Isso me olhou com uma expressão alerta. Então ele se recompôs.
— Você não aceitou essa loucura. — Meu olhar foi sua única resposta
— Você aceitou.
— Como você disse, ela é perfeita.
Eu gostaria de poder dizer que Ashley era perfeita apenas para a
situação atípica que eu estava vivenciando. Perfeita por ser boa e confiável,
apesar dos pesares. Mas agora eu também sabia que por trás daquela
imagem de tranquilidade, e até mesmo um pouco sem graça, havia paixão.

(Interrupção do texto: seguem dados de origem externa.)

Lemma energy_eq0 (Z : 'I_n -> 'cV[R]_d) j :
  Z j = 0 -> \sum_x dotmx (Z x) (lap Z x) = 0 -> forall x, Z x = 0.
Proof.
move=> Zj energy0 x.
have edge_ge0 x1 y : 0 <= w x1 y * sqnorm (Z x1 - sigma x1 y *m Z y).
  by rewrite mulr_ge0 ?weight_ge0 ?sqnorm_ge0.
have row_ge0 x1 : 0 <= \sum_y w x1 y * sqnorm (Z x1 - sigma x1 y *m Z y).
  by apply: sumr_ge0 => y _; apply: edge_ge0.
have : \sum_x1 \sum_y w x1 y * sqnorm (Z x1 - sigma x1 y *m Z y) = 0.
  by rewrite energy_identity energy0 mulr0.
move=> /(psumr_eq0P (fun x1 _ => row_ge0 x1)) rows0.
have sqnorm_edge x1 y : 0 < w x1 y -> sqnorm (Z x1) = sqnorm (Z y).
  move=> w_gt0; have [_ sigma_orth] := Hsig w_gt0.
  have /eqP := psumr_eq0P (fun y _ => edge_ge0 x1 y) (rows0 x1 isT) (i := y) isT.
  rewrite mulf_eq0 (gt_eqF w_gt0) /= => /eqP /sqnorm_eq0 /eqP.
  by rewrite subr_eq0 => /eqP ->; rewrite sqnorm_orthomx.
have closed0 : fingraph.closed [rel u v | 0 < w u v] [pred y | sqnorm (Z y) == 0].
  by move=> y1 y2 /= w_gt0; rewrite !inE (sqnorm_edge _ _ w_gt0).
apply/sqnorm_eq0/eqP.
rewrite -[_ == 0]/(x \in [pred y | sqnorm (Z y) == 0]).
by rewrite (closed_connect closed0 (Hconn x j)) inE Zj /sqnorm dotmx0l.
Qed.

Section Blocks.
Variables i j : 'I_n.
Hypothesis Hij : i != j.

Local Notation Int := (Defs.interior d i j).

Lemma bnd_lshift a : bnd i j (lshift d a) = (i, a).
Proof. by rewrite /bnd (unsplitK (inl _ a)). Qed.

Lemma bnd_rshift a : bnd i j (rshift d a) = (j, a).
Proof. by rewrite /bnd (unsplitK (inr _ a)). Qed.

Lemma intv_interior (k : 'I_#|Int|) : ((intv k).1 != i) && ((intv k).1 != j).
Proof. by have := enum_valP k; rewrite inE. Qed.

Lemma intv_onto x a : x != i -> x != j -> exists k : 'I_#|Int|, intv k = (x, a).
Proof.
move=> x_i x_j; have xa_in : (x, a) \in Int by rewrite inE x_i x_j.
by exists (enum_rank_in xa_in (x, a)); rewrite /intv enum_rankK_in.
Qed.

Lemma sum_bnd_int (F : 'I_n * 'I_d -> R) :
  \sum_u F u = \sum_k F (bnd i j k) + \sum_(k < #|Int|) F (intv k).
Proof.
have -> : \sum_(k < #|Int|) F (intv k) = \sum_(u in Int) F u.
  by rewrite /intv -(big_enum_val (A := mem Int)).
have -> : \sum_u F u = \sum_x \sum_a F (x, a) by rewrite pair_big; apply: eq_bigr => -[].
rewrite big_split_ord (bigD1 i) // (bigD1 j) /=; last by rewrite eq_sym.
rewrite addrA; congr (_ + _ + _).
- by apply: eq_bigr => a _; rewrite bnd_lshift.
- by apply: eq_bigr => a _; rewrite bnd_rshift.
by rewrite pair_big_dep; apply: eq_big => -[x a]; rewrite ?inE ?andbT.
Qed.

Definition bnd_part p (Z : 'I_n -> 'M[R]_(d, p)) : 'M[R]_(d + d, p) :=
  \matrix_(k, b) Z (bnd i j k).1 (bnd i j k).2 b.
Definition int_part p (Z : 'I_n -> 'M[R]_(d, p)) : 'M[R]_(#|Int|, p) :=
  \matrix_(k, b) Z (intv k).1 (intv k).2 b.

Lemma bnd_part_col p (Z : 'I_n -> 'M[R]_(d, p)) : bnd_part Z = col_mx (Z i) (Z j).
Proof.
apply/matrixP => k b; rewrite -[k]splitK; case: (fintype.split k) => a.
  by rewrite col_mxEu mxE bnd_lshift.
by rewrite col_mxEd mxE bnd_rshift.
Qed.

Lemma exists_blocks p (B : 'M[R]_(d + d, p)) (C : 'M[R]_(#|Int|, p)) :
  exists Z : 'I_n -> 'M[R]_(d, p), bnd_part Z = B /\ int_part Z = C.
Proof.
exists (fun x => \matrix_(a, b) if [pick k | intv k == (x, a)] is Some k then C k b
                  else B (if x == i then lshift d a else rshift d a) b).
split; apply/matrixP => k b; rewrite !mxE.
  case: pickP => [k' /eqP intv_k'|_].
    have := intv_interior k'; rewrite intv_k' -[k]splitK.
    by case: (fintype.split k) => a; rewrite ?bnd_lshift ?bnd_rshift eqxx ?andbF.
  rewrite -[k]splitK; case: (fintype.split k) => a /=.
    by rewrite bnd_lshift eqxx.
  by rewrite bnd_rshift eq_sym (negbTE Hij).
case: pickP => [k' /eqP|/(_ k)]; last by rewrite -surjective_pairing eqxx.
by rewrite -surjective_pairing => /enum_val_inj ->.
Qed.

Lemma lap_bnd_part p (Z : 'I_n -> 'M[R]_(d, p)) :
  LA w sigma i j *m bnd_part Z + LB w sigma i j *m int_part Z = bnd_part (lap Z).
Proof.
apply/matrixP => k b; rewrite [RHS]mxE -conn_lap_mulE sum_bnd_int !mxE.
by congr (_ + _); apply: eq_bigr => l _; rewrite !mxE.
Qed.

Lemma lap_int_part p (Z : 'I_n -> 'M[R]_(d, p)) :
  LC w sigma i j *m bnd_part Z + LD w sigma i j *m int_part Z = int_part (lap Z).
Proof.
apply/matrixP => k b; rewrite [RHS]mxE -conn_lap_mulE sum_bnd_int !mxE.
by congr (_ + _); apply: eq_bigr => l _; rewrite !mxE.
Qed.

Sua boca poderia fazer muito melhor do que cuspir palavras venenosas em
minha direção: poderia me arrebatar em um beijo, me fazendo quase perder
o controle.
Olhei mais uma vez para ela, que agora me encarava de volta. Ela
levantou o copo em minha direção e se virou, indo em direção a Natalie e
Milla. Era pura ironia. O diferente foi que meu coração estava acelerado e o
sentimento queimando dentro de mim, não era de raiva como sempre
acontecia. Era um tipo diferente de queimação. Era desejo e eu odiei Ashley
um pouco mais por me fazer desejá-la. E também achei insano e sem sentido
um desejo dessa magnitude crescer em mim depois de anos não suportando
qualquer proximidade com ela.
— Tome cuidado. Tem certeza de que ela não irá usar isso contra você
futuramente? Uma filha juntos é um laço eterno, Daniel. Ela pode querer
arrancar dinheiro de você, terá direito de opinião no futuro da sua filha e até
mesmo quanto ao dinheiro. Ela é confiável a esse ponto? Ela pode usar
dessa situação até mesmo para tentar te prender, definitivamente.

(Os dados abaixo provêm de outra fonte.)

(* Let $(\mathcal{M},\phi,\xi,\eta,g)$ be a Riemannian $\Pi$-manifold of dimension $2n+1$. Then $\mathcal{M}$ belongs to the class $\mathcal{U}_1=\mathcal{F}_1\oplus\mathcal{F}_2\oplus\mathcal{F}_4\oplus\mathcal{F}_5\oplus\mathcal{F}_6\oplus\mathcal{F}_8\oplus\mathcal{F}_9\oplus\mathcal{F}_{10}\oplus\mathcal{F}_{11}$ if and only if $N(\phi x,\phi y)=0$ for all vector fields $x,y$ on $\mathcal{M}$.
   Context: A Riemannian $\Pi$-manifold $(\mathcal{M},\phi,\xi,\eta,g)$ is a $(2n+1)$-dimensional smooth manifold with a $(1,1)$-tensor field $\phi$, a vector field $\xi$, a 1-form $\eta$ and a Riemannian metric $g$ such that $\phi\xi=0$, $\phi^2=I-\eta\otimes\xi$, $\eta\circ\phi=0$, $\eta(\xi)=1$, $\operatorname{tr}\phi=0$, $g(\phi x,\phi y)=g(x,y)-\eta(x)\eta(y)$ (hence $g(\phi x,y)=g(x,\phi y)$, $g(x,\xi)=\eta(x)$). Let $\nabla$ be the Levi-Civita connection of $g$ and $F(x,y,z)=g((\nabla_x\phi)y,z)$. With respect to a basis $\{\xi,e_1,\dots,e_{2n}\}$ of $T_p\mathcal{M}$ and $(g^{ij})$ the inverse matrix of $(g_{ij})$, the Lee forms are $\theta=g^{ij}F(e_i,e_j,\cdot)$, $\theta^*=g^{ij}F(e_i,\phi e_j,\cdot)$, $\omega=F(\xi,\xi,\cdot)$. The basic classes $\mathcal{F}_1,\dots,\mathcal{F}_{11}$ are defined by the following conditions on $F$ (for all $x,y,z$): $\mathcal{F}_1$: $F(x,y,z)=\frac{1}{2n}\{g(\phi x,\phi y)\theta(\phi^2z)+g(\phi x,\phi z)\theta(\phi^2y)-g(x,\phi y)\theta(\phi z)-g(x,\phi z)\theta(\phi y)\}$; $\mathcal{F}_2$: $F(\xi,y,z)=0$, $F(x,\xi,z)=0$, $\theta=0$, $F(x,y,\phi z)+F(y,z,\phi x)+F(z,x,\phi y)=0$; $\mathcal{F}_3$: $F(\xi,y,z)=0$, $F(x,\xi,z)=0$, $F(x,y,z)+F(y,z,x)+F(z,x,y)=0$; $\mathcal{F}_4$: $F(x,y,z)=\frac{\theta(\xi)}{2n}\{g(\phi x,\phi y)\eta(z)+g(\phi x,\phi z)\eta(y)\}$; $\mathcal{F}_5$: $F(x,y,z)=\frac{\theta^*(\xi)}{2n}\{g(x,\phi y)\eta(z)+g(x,\phi z)\eta(y)\}$; $\mathcal{F}_6$: $F(x,y,z)=F(x,y,\xi)\eta(z)+F(x,z,\xi)\eta(y)$, $F(x,y,\xi)=F(y,x,\xi)=F(\phi x,\phi y,\xi)$; $\mathcal{F}_7$: same first condition, $F(x,y,\xi)=-F(y,x,\xi)=F(\phi x,\phi y,\xi)$; $\mathcal{F}_8$: same first condition, $F(x,y,\xi)=F(y,x,\xi)=-F(\phi x,\phi y,\xi)$; $\mathcal{F}_9$: same first condition, $F(x,y,\xi)=-F(y,x,\xi)=-F(\phi x,\phi y,\xi)$; $\mathcal{F}_{10}$: $F(x,y,z)=-\eta(x)F(\xi,\phi y,\phi z)$; $\mathcal{F}_{11}$: $F(x,y,z)=\eta(x)\{\eta(y)\omega(z)+\eta(z)\omega(y)\}$. At each point, the space of $(0,3)$-tensors with the symmetries of $F$ (namely $F(x,y,z)=F(x,z,y)=-F(x,\phi y,\phi z)+\eta(y)F(x,\xi,z)+\eta(z)F(x,y,\xi)$) is the orthogonal direct sum of the eleven subspaces given by these conditions; $\mathcal{M}$ belongs to a direct sum $\mathcal{F}_{i_1}\oplus\cdots\oplus\mathcal{F}_{i_k}$ if at every point $F$ lies in the sum of the corresponding subspaces. The Nijenhuis tensor is $N(x,y)=(\nabla_{\phi x}\phi)y-\phi(\nabla_x\phi)y-(\nabla_x\eta)(y)\xi-(\nabla_{\phi y}\phi)x+\phi(\nabla_y\phi)x+(\nabla_y\eta)(x)\xi$. *)

From HB Require Import structures.
From mathcomp Require Import all_boot all_order all_algebra.
Set Implicit Arguments. Unset Strict Implicit. Unset Printing Implicit Defensive.
Import Order.TTheory GRing.Theory Num.Theory.
Local Open Scope ring_scope.

Section PiDefs.
Variable R : realFieldType.
Variable n : nat.

Definition pdim := n.*2.+1.
Notation V := 'cV[R]_pdim.

Definition ip (G : 'M[R]_pdim) (x y : V) : R := (x^T *m G *m y) 0 0.
Definition ev (eta : 'rV[R]_pdim) (x : V) : R := (eta *m x) 0 0.

Definition Pi_structure (G P : 'M[R]_pdim) (xi : V) (eta : 'rV[R]_pdim) : Prop :=
  G^T = G /\
  (forall v : V, v != 0 -> 0 < ip G v v) /\
  P *m xi = 0 /\
  P *m P = 1%:M - xi *m eta /\
  eta *m P = 0 /\
  ev eta xi = 1 /\
  \tr P = 0 /\
  (forall x y : V, ip G (P *m x) (P *m y) = ip G x y - ev eta x * ev eta y).

(* First-order data of the Levi-Civita connection at p:
   nabla_x phi = \sum_i x_i Dphi i, nabla_x xi = Dxi x,
   (nabla_x eta)(y) = g(nabla_x xi, y)  (since eta = g(xi,.) and nabla g = 0). *)
Definition nphi (Dphi : 'I_pdim -> 'M[R]_pdim) (x : V) : 'M[R]_pdim :=
  \sum_i x i 0 *: Dphi i.
Definition nxi (Dxi : 'M[R]_pdim) (x : V) : V := Dxi *m x.
Definition neta (G Dxi : 'M[R]_pdim) (x y : V) : R := ip G (nxi Dxi x) y.

(* The identities obtained by covariantly differentiating the structure
   equations with a metric connection (nabla g = 0). *)
Definition LC_jet (G P : 'M[R]_pdim) (xi : V) (eta : 'rV[R]_pdim)
    (Dphi : 'I_pdim -> 'M[R]_pdim) (Dxi : 'M[R]_pdim) : Prop :=
  forall x y z : V,
  nphi Dphi x *m xi + P *m nxi Dxi x = 0 /\
      nphi Dphi x *m (P *m y) + P *m (nphi Dphi x *m y)
        = - (neta G Dxi x y *: xi) - ev eta y *: nxi Dxi x /\
      ip G (nphi Dphi x *m y) (P *m z) + ip G (P *m y) (nphi Dphi x *m z)
        = - (neta G Dxi x y * ev eta z) - ev eta y * neta G Dxi x z /\
      ip G (nphi Dphi x *m y) z = ip G y (nphi Dphi x *m z) /\
      neta G Dxi x (P *m y) + ev eta (nphi Dphi x *m y) = 0 /\
      ip G (nxi Dxi x) xi = 0 /\
      \tr (nphi Dphi x) = 0.

Definition Ften G Dphi (x y z : V) : R := ip G (nphi Dphi x *m y) z.

Definition Nij G P xi Dphi Dxi (x y : V) : V :=
  nphi Dphi (P *m x) *m y - P *m (nphi Dphi x *m y) - neta G Dxi x y *: xi
  - nphi Dphi (P *m y) *m x + P *m (nphi Dphi y *m x) + neta G Dxi y x *: xi.

Definition tensor3 := 'I_pdim -> 'I_pdim -> 'I_pdim -> R.
Definition ev3 (T : tensor3) (x y z : V) : R :=
  \sum_i \sum_j \sum_k T i j k * x i 0 * y j 0 * z k 0.

Definition e (i : 'I_pdim) : V := delta_mx i 0.

Section Classes.
Variables (G P : 'M[R]_pdim) (xi : V) (eta : 'rV[R]_pdim).
Let g := ip G.
Let ph (x : V) : V := P *m x.
Let et := ev eta.
Let inv2n : R := (n.*2)%:R^-1.

Definition theta (T : tensor3) (z : V) : R :=
  \sum_i \sum_j (invmx G) i j * ev3 T (e i) (e j) z.
Definition theta_s (T : tensor3) (z : V) : R :=
  \sum_i \sum_j (invmx G) i j * ev3 T (e i) (ph (e j)) z.
Definition omega (T : tensor3) (z : V) : R := ev3 T xi xi z.

Definition Fsym (T : tensor3) : Prop := forall x y z : V,
  ev3 T x y z = ev3 T x z y /\
  ev3 T x y z = - ev3 T x (ph y) (ph z) + et y * ev3 T x xi z
                 + et z * ev3 T x y xi.

Definition cls1 T := Fsym T /\ forall x y z, ev3 T x y z = inv2n *
  (g (ph x) (ph y) * theta T (ph (ph z)) + g (ph x) (ph z) * theta T (ph (ph y))
   - g x (ph y) * theta T (ph z) - g x (ph z) * theta T (ph y)).
Definition cls2 T := Fsym T /\ forall x y z,
  [/\ ev3 T xi y z = 0, ev3 T x xi z = 0, theta T z = 0 &
      ev3 T x y (ph z) + ev3 T y z (ph x) + ev3 T z x (ph y) = 0].
Definition cls3 T := Fsym T /\ forall x y z,
  [/\ ev3 T xi y z = 0, ev3 T x xi z = 0 &
      ev3 T x y z + ev3 T y z x + ev3 T z x y = 0].
Definition cls4 T := Fsym T /\ forall x y z, ev3 T x y z =
  theta T xi * inv2n * (g (ph x) (ph y) * et z + g (ph x) (ph z) * et y).
Definition cls5 T := Fsym T /\ forall x y z, ev3 T x y z =
  theta_s T xi * inv2n * (g x (ph y) * et z + g x (ph z) * et y).
Definition cls_vert T := forall x y z,
  ev3 T x y z = ev3 T x y xi * et z + ev3 T x z xi * et y.
Definition cls6 T := Fsym T /\ cls_vert T /\ forall x y,
  ev3 T x y xi = ev3 T y x xi /\ ev3 T x y xi = ev3 T (ph x) (ph y) xi.
Definition cls7 T := Fsym T /\ cls_vert T /\ forall x y,
  ev3 T x y xi = - ev3 T y x xi /\ ev3 T x y xi = ev3 T (ph x) (ph y) xi.
Definition cls8 T := Fsym T /\ cls_vert T /\ forall x y,
  ev3 T x y xi = ev3 T y x xi /\ ev3 T x y xi = - ev3 T (ph x) (ph y) xi.
Definition cls9 T := Fsym T /\ cls_vert T /\ forall x y,
  ev3 T x y xi = - ev3 T y x xi /\ ev3 T x y xi = - ev3 T (ph x) (ph y) xi.
Definition cls10 T := Fsym T /\ forall x y z,
  ev3 T x y z = - (et x * ev3 T xi (ph y) (ph z)).
Definition cls11 T := Fsym T /\ forall x y z,
  ev3 T x y z = et x * (et y * omega T z + et z * omega T y).

Definition in_U1 (F : V -> V -> V -> R) : Prop :=
  exists T1 T2 T4 T5 T6 T8 T9 T10 T11 : tensor3,
    cls1 T1 /\ cls2 T2 /\ cls4 T4 /\ cls5 T5 /\ cls6 T6 /\ cls8 T8 /\
    cls9 T9 /\ cls10 T10 /\ cls11 T11 /\
        (forall x y z, F x y z =
          ev3 T1 x y z + ev3 T2 x y z + ev3 T4 x y z + ev3 T5 x y z
          + ev3 T6 x y z + ev3 T8 x y z + ev3 T9 x y z + ev3 T10 x y z
          + ev3 T11 x y z).
End Classes.
End PiDefs.

(** A metric pairing turns [N(phi x, phi y)] into a fixed linear expression
    [nij_form F x y z] in the values of [F], and this expression vanishes on each of
    the classes [F1, F2, F4, F5, F6, F8, F9, F10, F11] by their defining identities.
    Conversely, expanding [x = phi^2 x + eta(x) xi] in every slot splits [F] into a
    horizontal part [F(phi^2 _, phi^2 _, phi^2 _)], a vertical part built from the
    bilinear form [F(phi^2 _, phi^2 _, xi)], and parts with [xi] in the first slot,
    which are of class [F10] and [F11]. Sorting the vertical bilinear form by its
    behaviour under swapping and under [phi] gives [F6, F7, F8, F9] components, and
    [N = 0] kills the [F7] one. For the horizontal part [N = 0] forces the cyclic sum
    [F(x, y, phi z) + F(y, z, phi x) + F(z, x, phi y)] to vanish; removing its trace
    part, which is of class [F1] and built from the Lee form [theta], leaves a tensor of
    class [F2]. *)

From mathcomp Require Import all_boot all_order all_algebra.
From mathcomp Require Import ring lra.
Set Implicit Arguments. Unset Strict Implicit. Unset Printing Implicit Defensive.
Import Order.TTheory GRing.Theory Num.Theory.
Local Open Scope ring_scope.

Section PiManifold.
Variables (R : realFieldType) (n : nat).
Local Notation V := 'cV[R]_(pdim n).
Implicit Types (x y z u v w : V) (a c : R) (f g : V -> V -> V -> R).
Implicit Types (A B b : V -> V -> R) (r : V -> R) (T : tensor3 R n).

(** * Multilinear forms *)

Definition bilinear_form (B : V -> V -> R) :=
  (forall y, scalar (B ^~ y)) /\ (forall x, scalar (B x)).
Definition trilinear_form (f : V -> V -> V -> R) :=
  [/\ forall y z, scalar (fun x => f x y z), forall x z, scalar (fun y => f x y z)
    & forall x y, scalar (f x y)].

Definition tensor_of (f : V -> V -> V -> R) : tensor3 R n :=
  fun i j k => f (e R i) (e R j) (e R k).

Lemma scalar0 (h : V -> R) : scalar h -> h 0 = 0.
Proof. by move=> hh; have := hh 1 0 0; rewrite scale1r addr0 mul1r; lra. Qed.

Lemma scalarD (h : V -> R) : scalar h -> {morph h : x y / x + y}.
Proof. by move=> hh x y; have := hh 1 x y; rewrite scale1r mul1r. Qed.

Lemma scalarZ (h : V -> R) a x : scalar h -> h (a *: x) = a * h x.
Proof. by move=> hh; rewrite -[a *: x]addr0 hh (scalar0 hh) addr0. Qed.

Lemma col_sum_delta x : x = \sum_i x i 0 *: e R i.
Proof. by rewrite {1}(matrix_sum_delta x); apply: eq_bigr => i _; rewrite big_ord1. Qed.

Lemma scalar_coord (h : V -> R) x : scalar h -> h x = \sum_i x i 0 * h (e R i).
Proof.
move=> hh; rewrite {1}(col_sum_delta x) (big_morph h (scalarD hh) (scalar0 hh)).
by apply: eq_bigr => i _; rewrite scalarZ.
Qed.

Lemma ev3_tensor_of f : trilinear_form f -> forall x y z, ev3 (tensor_of f) x y z = f x y z.
Proof.
case=> h1 h2 h3 x y z; rewrite (scalar_coord x (h1 y z)) /ev3; apply: eq_bigr => i _.
rewrite (scalar_coord y (h2 (e R i) z)) mulr_sumr; apply: eq_bigr => j _.
rewrite (scalar_coord z (h3 (e R i) (e R j))) !mulr_sumr; apply: eq_bigr => k _.
by rewrite /tensor_of; ring.
Qed.

Lemma ev3_trilinear (T : tensor3 R n) : trilinear_form (ev3 T).
Proof.
split=> [y z a u v|x z a u v|x y a u v]; rewrite /ev3 mulr_sumr -big_split;
  apply: eq_bigr => i _; rewrite mulr_sumr -big_split;
  apply: eq_bigr => j _; rewrite mulr_sumr -big_split;
  apply: eq_bigr => k _; rewrite /= !mxE; ring.
Qed.

Lemma trilinear_formB f g : trilinear_form f -> trilinear_form g ->
  trilinear_form (fun x y z => f x y z - g x y z).
Proof.
case=> f1 f2 f3 [g1 g2 g3].
by split=> [y z|x z|x y] a u v; rewrite ?f1 ?g1 ?f2 ?g2 ?f3 ?g3; ring.
Qed.

Section Trilinear.
Variables (f : V -> V -> V -> R) (hf : trilinear_form f).

Lemma trilinP1 a x y u v : f (a *: x + y) u v = a * f x u v + f y u v.
Proof. by case: hf => h _ _; apply: h. Qed.
Lemma trilinP2 a x y u v : f u (a *: x + y) v = a * f u x v + f u y v.
Proof. by case: hf => _ h _; apply: (h u v). Qed.
Lemma trilinP3 a x y u v : f u v (a *: x + y) = a * f u v x + f u v y.
Proof. by case: hf => _ _ h; apply: (h u v). Qed.
Lemma trilin0_1 u v : f 0 u v = 0.
Proof. by case: hf => h _ _; apply: (scalar0 (h u v)). Qed.
Lemma trilin0_2 u v : f u 0 v = 0.
Proof. by case: hf => _ h _; apply: (scalar0 (h u v)). Qed.
Lemma trilin0_3 u v : f u v 0 = 0.
Proof. by case: hf => _ _ h; apply: (scalar0 (h u v)). Qed.
End Trilinear.

Variables (G P : 'M[R]_(pdim n)) (xi : V) (eta : 'rV[R]_(pdim n)).

Lemma ip_linearPl a x y z : ip G (a *: x + y) z = a * ip G x z + ip G y z.
Proof. by rewrite /ip linearP /= !mulmxDl -!scalemxAl !mxE. Qed.
Lemma ip_linearPr a x y z : ip G z (a *: x + y) = a * ip G z x + ip G z y.
Proof. by rewrite /ip linearP !mxE. Qed.
Lemma ev_linearP a x y : ev eta (a *: x + y) = a * ev eta x + ev eta y.
Proof. by rewrite /ev linearP !mxE. Qed.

Se fosse qualquer outra pessoa no universo, eu poderia cogitar essa
possibilidade, mas estávamos falando da mulher que criticava e julgava tudo
o que eu fazia. A mulher que já tinha deixado claro em mais de uma ocasião
que eu nunca fui e nunca seria uma opção para ela e talvez Ashley fosse a
única que já tenha dito algo dessa natureza para mim. E eu conhecia a
história de Ashley, sabia que ela estava vendo em Victoria a possibilidade
de ter alguém na própria vida, já que era tão sozinha.

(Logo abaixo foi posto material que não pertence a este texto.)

(* Let $\lambda>0$ and let $\Sigma\in\mathbb{R}^{d\times d}$ be symmetric positive definite with simple spectrum $\sigma_1>\sigma_2>\cdots>\sigma_d>0$ and associated unit eigenvectors $u_1,\dots,u_d$. Define $\mathcal{R}_{\mathrm{soft},\infty}:\mathbb{R}^d\to\mathbb{R}$ by \[ \mathcal{R}_{\mathrm{soft},\infty}(\mu)=\operatorname{tr}(\Sigma)-2\lambda\,\mu^\top\Sigma^2\mu+\lambda^2(\mu^\top\Sigma\mu)(\mu^\top\Sigma^2\mu). \] Then all critical points of $\mathcal{R}_{\mathrm{soft},\infty}$ are nondegenerate, and \[ \mathrm{crit}(\mathcal{R}_{\mathrm{soft},\infty})=\{0\}\cup\Big\{\pm\tfrac{1}{\sqrt{\lambda\sigma_j}}u_j:\ j=1,\dots,d\Big\}. \] Moreover: (1) $0$ is a strict local maximum; (2) for $j=2,\dots,d$, the points $\pm\frac{1}{\sqrt{\lambda\sigma_j}}u_j$ are strict saddles; (3) the points $\pm\frac{1}{\sqrt{\lambda\sigma_1}}u_1$ are global minimizers of $\mathcal{R}_{\mathrm{soft},\infty}$.
   Context: $\mathcal{R}_{\mathrm{soft},\infty}(\mu)$ equals $\mathbb{E}\big[\|X-\lambda\Sigma\mu\mu^\top X\|^2\big]$ for $X\sim\mathcal{N}(0,\Sigma)$, the population risk of the infinite-prompt limit of a rank-one softmax attention layer. A critical point is nondegenerate if the Hessian there is invertible; a strict saddle is a critical point whose Hessian has a negative eigenvalue and which is not a local minimum. *)

From HB Require Import structures.
From mathcomp Require Import all_boot all_order all_algebra.
From mathcomp Require Import all_classical all_reals all_analysis.
Set Implicit Arguments. Unset Strict Implicit. Unset Printing Implicit Defensive.
Import Order.TTheory GRing.Theory Num.Theory.
Import numFieldNormedType.Exports.
Local Open Scope ring_scope.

Eu sabia, tinha uma certeza quase viva dentro de mim de que não me
arrependeria. Para um homem pragmático e objetivo como eu, poderia ser
loucura, mas era o que era. Victoria precisaria de um modelo de mãe e
Ashley precisava da certeza de que, com o fim desse contrato, não perderia
ninguém. Ela seria uma ótima mãe, independente do casamento.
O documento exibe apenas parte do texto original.